Сотский угрюмо взял розги и принялся сечь.
Был он космат, волосы росли у него даже на ушах, а со лба прорастали клином чуть ли не до самых бровей. У него и кресты были поставлены по разные стороны от этого клина. Широкое, скуластое лицо напряжено, будто он что-то закусил в зубах; из-под тяжелых бровей, вросших густой рыжиной в самые виски, светился большой, налитый кровью глаз и такое же большое, белое, как кресты на лбу, бельмо.
– Ох, аспид! – закричал после нескольких его ударов лежащий на лавке здоровенный, жилистый мужик. – Как ножом режет!
– Ну уж?.. – не поверил Махоня.
– Ей-бо!.. – прорычал мужик. – От тебя терпел… О-о! От сего вся мочь вышла!
– Щекотки не любишь? – осклабился Махоня. – Расхолен, как болярин.
– О-о! – еще вымученней рыкнул мужик и разразился отчаянным матом. Сотский невозмутимо полосовал его спину.
– Возьми ты, Махонь, – взмолился мужик.
– Пущай дощекочет! – весело и довольно ответил Махоня, уверенный, что мужик притворяется, и наставительно добавил: – Лозою в могилу не вгонишь…
Тут как раз и зашли в предбанник Басманов, Горенский и Оболенский. Махоня важно поднялся им навстречу, с достоинством поклонился. Остальные тоже поклонились. Сотский злобно глянул на воевод, отбросил сломавшуюся розгу, с неохотой опустил в поклоне голову.
Мужик на лавке продолжал яростно материться.
– Угомонься ты, – сказал ему Махоня и проворно отстегнул ремешки, державшие мужика на лавке.
Мужик тяжело поднялся, глухо сказал сотскому:
– Зверюга!
На воевод не обратил никакого внимания. Со стонами и охами принялся надевать на себя одежду, ненавистно поглядывая на своего мучителя и осыпая его проклятиями.
– Чем винил? – спросил мужика Басманов.
– Не винил, воевода…
– Пошто ж сечен?
– А чтоб знал наших!
– Врешь, поди?
– Да пошто мне врать? На лавке-то уже отлежал! Кабы винил, три дюжины схлопотал бы… А так – единую!

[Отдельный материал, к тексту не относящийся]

(* Since [p * w_n^i(p)] is the probability that [n + 1] Bernoulli(p) trials
   give more than [i] successes, [1/p - w_n^i(p)] and [w_n^j(p)] are, up to the
   factor [1/p], tails of Bin(n + 1, p) at distance about [eps n = sqrt n ln n]
   from the mean.  Chernoff bounds make such a tail at most
   [exp (- eps n ^ 2 / (32 (n + 1)))], i.e. at most [exp (- (ln n) ^ 2 / 64)],
   which is below [p * n ^ (- ln n / 128)] for large [n]. *)

(* [binom_expect p m g] is the expectation of [g K] for [K ~ Bin(m, p)],
   computed by conditioning on the outcome of one trial. *)
Fixpoint binom_expect (p : R) (m : nat) (g : nat -> R) : R :=
  match m with
  | O => g O
  | S m' => (1 - p) * binom_expect p m' g + p * binom_expect p m' (fun k => g (S k))
  end.

Definition ind_ge (s k : nat) : R := if (s <=? k)%nat then 1 else 0.

Definition ind_eq (i k : nat) : R := if (k =? i)%nat then 1 else 0.

Lemma C_n_0 n : C n 0 = 1.
Proof. unfold C. rewrite Nat.sub_0_r. simpl. field. apply INR_fact_neq_0. Qed.

Lemma C_n_n n : C n n = 1.
Proof. unfold C. rewrite Nat.sub_diag. simpl. field. apply INR_fact_neq_0. Qed.

Section BinomExpect.

Variable p : R.

Lemma binom_expect_ext m :
  forall g h, (forall k, g k = h k) -> binom_expect p m g = binom_expect p m h.
Proof.
  induction m as [|m IH]; intros g h H; simpl.
  - apply H.
  - rewrite (IH g h H), (IH (fun k => g (S k)) (fun k => h (S k))); auto.
Qed.

Lemma binom_expect_lin m : forall a b g h,
  binom_expect p m (fun k => a * g k + b * h k)
  = a * binom_expect p m g + b * binom_expect p m h.
Proof.
  induction m as [|m IH]; intros a b g h; simpl.
  - reflexivity.
  - rewrite (IH a b g h), (IH a b (fun k => g (S k)) (fun k => h (S k))). ring.
Qed.

Lemma binom_expect_scal m a g :
  binom_expect p m (fun k => a * g k) = a * binom_expect p m g.
Proof.
  rewrite (binom_expect_ext m _ (fun k => a * g k + 0 * g k)) by (intros; ring).
  rewrite binom_expect_lin. ring.
Qed.

Lemma binom_expect_add m g h :
  binom_expect p m (fun k => g k + h k) = binom_expect p m g + binom_expect p m h.
Proof.
  rewrite (binom_expect_ext m _ (fun k => 1 * g k + 1 * h k)) by (intros; ring).
  rewrite binom_expect_lin. ring.
Qed.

Говоря с мужиком, Басманов пристально наблюдал за сотским. Видел, как тот в сердцах отбросил розгу и злобно сверкнул своим страшным глазом. И страх, и отвращение шевельнулись в душе Басманова… Никогда еще не доводилось ему видеть в человеке такой мрачности и яростной, тупой злобы. Сойдись с ним Басманов один на один где-нибудь в укромном месте, не стал бы он зацеплять его, обошел бы, но сейчас ему даже дыхание перехватило от желания затронуть его…
– Чей сотский? – спросил он сурово.
– Нарядного головы Еремея Пойлова.
– За что плети?
– Голове в зубы съездил.
– Небось не вкушал еще плеток?! – сказал угрозливо Басманов. – А ну-ка, Махоня, попотчуй его! Да от меня добавь полдюжины, дабы знал длину рукам своим.

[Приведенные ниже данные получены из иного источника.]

(* Let $p$ be an odd prime and let $F_{g\,\mathsf{ANY},\,h\,\mathsf{ANY}}(p)$ denote the number of pairs $(g,h)$ of integers with $1\le g\le p-1$, $1\le h\le p-1$ and $g^{h}\equiv h \pmod p$. Then \[ \left|F_{g\,\mathsf{ANY},\,h\,\mathsf{ANY}}(p)-(p-1)\right|\le d(p-1)\,\sigma(p-1)\,\sqrt{p}\,(1+\ln p). \]
   Context: $d(n)$ denotes the number of positive divisors of $n$, $\sigma(n)$ the sum of the positive divisors of $n$, and $\ln$ the natural logarithm. *)

From mathcomp Require Import all_boot.
From Stdlib Require Import Reals.

Definition ndivisors (n : nat) : nat := size (divisors n).
Definition sigma_div (n : nat) : nat := \sum_(d <- divisors n) d.

Definition F_any_any (p : nat) : nat :=
  \sum_(1 <= g < p) \sum_(1 <= h < p) ((expn g h) %% p == h %% p : nat).

(* The only arithmetic input is that, for 0 < h < p, the congruence g^h = h
   (mod p) has at most gcd(h, p-1) solutions g: two solutions differ by a
   gcd(h, p-1)-th root of unity in F_p.  Summing over h gives
   F(p) <= sum_h gcd(h, p-1) <= (p-1) d(p-1) <= d(p-1) sigma(p-1), and p-1 lies
   below the same bound, so the difference is far inside the stated estimate. *)
From mathcomp Require Import all_boot all_order all_algebra all_field.
Import GRing.Theory.

Set Implicit Arguments.
Unset Strict Implicit.
Unset Printing Implicit Defensive.

Local Open Scope ring_scope.

Lemma expr_gcdn_eq1 (R : pzRingType) (z : R) (a b : nat) :
  (0 < a)%N -> z ^+ a = 1 -> z ^+ b = 1 -> z ^+ gcdn a b = 1.
Proof.
move=> a_gt0 za1 zb1; have [u _ /dvdnP [c Hc]] := Bezoutl b a_gt0.
have : z ^+ (gcdn a b + u * b) = 1 by rewrite Hc mulnC exprM za1 expr1n.
by rewrite exprD mulnC exprM zb1 expr1n mulr1.
Qed.

Section FinFieldPowerEquation.

Variable F : finFieldType.

Lemma expf_card_pred (x : F) : x != 0 -> x ^+ #|F|.-1 = 1.
Proof.
move=> x_neq0; apply: (mulIf x_neq0).
have card_gt0 : (0 < #|F|)%N by apply/card_gt0P; exists 0.
by rewrite -exprSr prednK // expf_card mul1r.
Qed.

Lemma card_unity_roots_le (k : nat) :
  (0 < k)%N -> (#|[set z : F | k.-unity_root z]| <= k)%N.
Proof.
move=> k_gt0; rewrite cardE; apply: max_unity_roots => //; last exact: enum_uniq.
by apply/allP => z; rewrite mem_enum inE.
Qed.

Lemma card_pow_eq_le (h : nat) (c : F) :
  (0 < h)%N -> c != 0 -> (#|[set x : F | x ^+ h == c]| <= gcdn h #|F|.-1)%N.
Proof.
move=> h_gt0 c_neq0; set A := [set x : F | x ^+ h == c].
have [x0 /eqP x0h | A0] := pickP [pred x | x ^+ h == c]; last first.
  by rewrite (@eq_card0 _ A) // => x; rewrite inE; exact: A0.
have sol_neq0 x : x ^+ h = c -> x != 0.
  by move=> xh; apply: contra_neq c_neq0 => x_eq0; rewrite -xh x_eq0 expr0n gtn_eqF.
rewrite -(card_in_imset (f := fun x => x / x0)); last first.
  by move=> x y _ _; apply: mulIf; rewrite invr_eq0 sol_neq0.
have k_gt0 : (0 < gcdn h #|F|.-1)%N by rewrite gcdn_gt0 h_gt0.
apply: leq_trans (card_unity_roots_le k_gt0).
apply: subset_leq_card; apply/subsetP => _ /imsetP [x xA ->].
move: xA; rewrite !inE unity_rootE => /eqP xh; apply/eqP.
apply: expr_gcdn_eq1 => //; first by rewrite exprMn exprVn xh x0h divff.
by apply: expf_card_pred; rewrite mulf_neq0 ?invr_eq0 ?sol_neq0.
Qed.

End FinFieldPowerEquation.

Lemma count_pow_congr_le (p h : nat) : prime p -> (0 < h < p)%N ->
  (\sum_(1 <= g < p) ((g ^ h) %% p == h %% p : nat) <= gcdn h p.-1)%N.
Proof.
move=> p_pr /andP [h_gt0 h_lt_p].
set P := fun g => (g ^ h %% p == h %% p)%N.
have -> : (\sum_(1 <= g < p) (P g : nat) = count P (index_iota 1 p))%N.
  by rewrite -sum1_count [RHS]big_mkcond; apply: eq_bigr => g _; case: (P g).
rewrite -size_filter; set s := filter P (index_iota 1 p).
have cast_inj : {in s &, injective (fun g => g%:R : 'F_p)}.
  move=> g g'; rewrite !mem_filter !mem_index_iota => /and3P [_ _ gp] /and3P [_ _ g'p].
  by move/(congr1 val); rewrite /= !val_Fp_nat // !modn_small.
rewrite -(size_map (fun g => g%:R : 'F_p)) -(card_uniqP _); last first.
  by rewrite map_inj_in_uniq // filter_uniq // iota_uniq.
have : (h%:R : 'F_p) != 0.
  by rewrite -(eqtype.inj_eq val_inj) /= val_Fp_nat // modn_small // gtn_eqF.
move/(card_pow_eq_le h_gt0); rewrite card_Fp //; apply: leq_trans.
apply: subset_leq_card; apply/subsetP => _ /mapP [g gs ->].
move: gs; rewrite mem_filter inE => /andP [/eqP gh _].
by rewrite -natrX -(Fp_nat_mod p_pr (g ^ h)) gh Fp_nat_mod.
Qed.

Local Close Scope ring_scope.

Lemma sum_gcdn_le (n : nat) : 0 < n ->
  \sum_(1 <= h < n.+1) gcdn h n <= n * ndivisors n.
Proof.
move=> n_gt0.
have gcdn_le_sum h : gcdn h n <= \sum_(d <- divisors n) (d %| h) * d.
  rewrite (bigD1_seq (gcdn h n)) /= ?divisors_uniq -?dvdn_divisors ?dvdn_gcdr //.
  by rewrite dvdn_gcdl mul1n leq_addr.
apply: (@leq_trans (\sum_(1 <= h < n.+1) \sum_(d <- divisors n) (d %| h) * d)).
  by apply: leq_sum => h _; apply: gcdn_le_sum.
rewrite exchange_big /= -[n * _]mulnC /ndivisors -sum1_size big_distrl /=.
apply: leq_sum => d _; rewrite mul1n -big_distrl /= -divn_count_dvd.
exact: leq_divM.
Qed.

Lemma leq_sigma_div (n : nat) : 0 < n -> n <= sigma_div n.
Proof.
move=> n_gt0; rewrite /sigma_div (bigD1_seq n) ?divisors_uniq ?divisors_id //=.
exact: leq_addr.
Qed.

Lemma leq_ndivisors_sigma (n : nat) : 0 < n -> n <= ndivisors n * sigma_div n.
Proof.
move=> n_gt0; apply: (leq_trans (leq_sigma_div n_gt0)).
rewrite leq_pmull // /ndivisors.
by case: (divisors n) (divisors_id n_gt0).
Qed.

Lemma F_any_any_le (p : nat) : prime p ->
  F_any_any p <= ndivisors (p - 1) * sigma_div (p - 1).
Proof.
move=> p_pr; have p_gt1 := prime_gt1 p_pr.
have n_gt0 : 0 < p - 1 by rewrite subn_gt0.
have p_eq : p = (p - 1).+1 by rewrite subn1 prednK // ltnW.
have count_le h : 1 <= h < p ->
    \sum_(1 <= g < p) ((g ^ h) %% p == h %% p : nat) <= gcdn h (p - 1).
  by rewrite subn1; apply: count_pow_congr_le.
rewrite /F_any_any exchange_big /=.
apply: leq_trans (_ : \sum_(1 <= h < p) gcdn h (p - 1) <= _).
  by rewrite big_nat_cond [X in _ <= X]big_nat_cond; apply: leq_sum => h /andP [/count_le].
rewrite {1}p_eq; apply: (leq_trans (sum_gcdn_le n_gt0)).
by rewrite mulnC leq_mul2l leq_sigma_div ?orbT.
Qed.

From Stdlib Require Import Reals Lra.

Lemma Rabs_sub_le_of_bounds (a b M : R) :
  (0 <= a <= M -> 0 <= b <= M -> Rabs (a - b) <= M)%R.
Proof. by move=> a_bounds b_bounds; apply: Rabs_le; lra. Qed.

Theorem mainTheorem1 (p : nat) (Hp : prime p) (Hodd : odd p) :
  (Rabs (INR (F_any_any p) - INR (p - 1))
   <= INR (ndivisors (p - 1)) * INR (sigma_div (p - 1)) * sqrt (INR p)
      * (1 + ln (INR p)))%R.
Proof.
have p_gt1 : (1 < INR p)%R by apply: (lt_INR 1); apply/ltP; exact: prime_gt1.
have n_gt0 : 0 < p - 1 by rewrite subn_gt0 prime_gt1.
have /leP/le_INR F_le := F_any_any_le Hp.
have /leP/le_INR n_le := leq_ndivisors_sigma n_gt0.
rewrite mult_INR in F_le n_le.
set M := (INR (ndivisors (p - 1)) * INR (sigma_div (p - 1)))%R in F_le n_le *.
have sqrt_ge1 : (1 <= sqrt (INR p))%R by rewrite -sqrt_1; apply: sqrt_le_1_alt; lra.
have ln_ge0 : (0 <= ln (INR p))%R by rewrite -ln_1; apply: Rlt_le; apply: ln_increasing; lra.
have M_ge0 : (0 <= M)%R by have := pos_INR (p - 1); lra.
apply: (Rle_trans _ M).
  by apply: Rabs_sub_le_of_bounds; split => //; exact: pos_INR.
rewrite Rmult_assoc -{1}(Rmult_1_r M); apply: Rmult_le_compat_l => //; nra.
Qed.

Сотский спокойно, неторопливо скинул кафтан, рубаху, поудобней улегся на лавке… Страха не выдавалось в нем, будто не под плети ложился, а в парной на полок, потомиться, понежиться…
Махоня старался угодить воеводам. Плеть свистела и с протяжным щелком прилипала к спине сотского. Тот молчал, ни звуком не выдавая своей ужасной муки. Последние удары Махоня делал с оттяжкой, резко забирая впивавшуюся в спину плеть на себя, и рвал кожу. Сотский вытерпел и это. Когда изморенный Махоня отступил от него, а копейщик дрожащими руками отпустил ремешки, он тотчас и поднялся. Бельмо его ненавистно уставилось на Басманова. Басманов отвернулся, отступил в темный угол.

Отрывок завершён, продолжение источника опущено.